* _WORK REQUIRED_: Please print the records below word for word.
☆ ☆ ☆ ☆ ☆ ☆ ☆
Theorem proposition2p6 (R : realType) (K : R) (X : Type) (rho : X -> X -> R)
    (mu : {outer_measure set X -> \bar R}) (M : Type) (dM : M -> M -> R)
    (D : X -> M -> set X -> (X -> M) -> Prop) (A : set X) (f : X -> M) (x : X) :
  doubling_mms K rho mu ->
  is_metric dM -> metric_complete dM ->
  A !=set0 -> A x ->
  approx_differentiable rho mu dM D A f x ->
  (in_A_f_mu rho mu dM A f x /\
   forall B F, approx_differential rho mu dM D A f x B F ->
     (Lip_mu rho mu dM A f x <= germ_norm rho dM x (f x) B F)%E) /\
  (mu_nbhd rho mu x A ->
     (forall B F B' F', approx_differential rho mu dM D A f x B F ->
        approx_differential rho mu dM D A f x B' F' ->
        germ_equiv rho mu dM x B F B' F') /\
     (forall B F, approx_differential rho mu dM D A f x B F ->
        Lip_mu rho mu dM A f x = germ_norm rho dM x (f x) B F)).
Proof.
move=> hmu hdM _ _ Ax [B0 [F0 dF0]]; split.
- split=> [|B F dF]; last exact: (Lip_mu_le_germ_norm hmu hdM dF).
  have [_ accA [germ0 _] _] := dF0; split=> //.
  exact: (le_lt_trans (Lip_mu_le_germ_norm hmu hdM dF0) (germ_norm_lt_pinfty hmu germ0)).
- move=> A_nbhd; split=> [B F B' F'|B F dF].
    exact: (approx_differential_unique hmu hdM).
  apply: le_anti; rewrite (Lip_mu_le_germ_norm hmu hdM dF).
  exact: (germ_norm_le_Lip_mu hmu hdM A_nbhd dF).
Qed.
☆ ☆ ☆ ☆ ☆ ☆ ☆
* _ANSWER TO THIS TASK_:
Theorem proposition2p6 (R : realType) (K : R) (X : Type) (rho : X -> X -> R)
    (mu : {outer_measure set X -> \bar R}) (M : Type) (dM : M -> M -> R)
    (D : X -> M -> set X -> (X -> M) -> Prop) (A : set X) (f : X -> M) (x : X) :
  doubling_mms K rho mu ->
  is_metric dM -> metric_complete dM ->
  A !=set0 -> A x ->
  approx_differentiable rho mu dM D A f x ->
  (in_A_f_mu rho mu dM A f x /\
   forall B F, approx_differential rho mu dM D A f x B F ->
     (Lip_mu rho mu dM A f x <= germ_norm rho dM x (f x) B F)%E) /\
  (mu_nbhd rho mu x A ->
     (forall B F B' F', approx_differential rho mu dM D A f x B F ->
        approx_differential rho mu dM D A f x B' F' ->
        germ_equiv rho mu dM x B F B' F') /\
     (forall B F, approx_differential rho mu dM D A f x B F ->
        Lip_mu rho mu dM A f x = germ_norm rho dM x (f x) B F)).
Proof.
move=> hmu hdM _ _ Ax [B0 [F0 dF0]]; split.
- split=> [|B F dF]; last exact: (Lip_mu_le_germ_norm hmu hdM dF).
  have [_ accA [germ0 _] _] := dF0; split=> //.
  exact: (le_lt_trans (Lip_mu_le_germ_norm hmu hdM dF0) (germ_norm_lt_pinfty hmu germ0)).
- move=> A_nbhd; split=> [B F B' F'|B F dF].
    exact: (approx_differential_unique hmu hdM).
  apply: le_anti; rewrite (Lip_mu_le_germ_norm hmu hdM dF).
  exact: (germ_norm_le_Lip_mu hmu hdM A_nbhd dF).
Qed.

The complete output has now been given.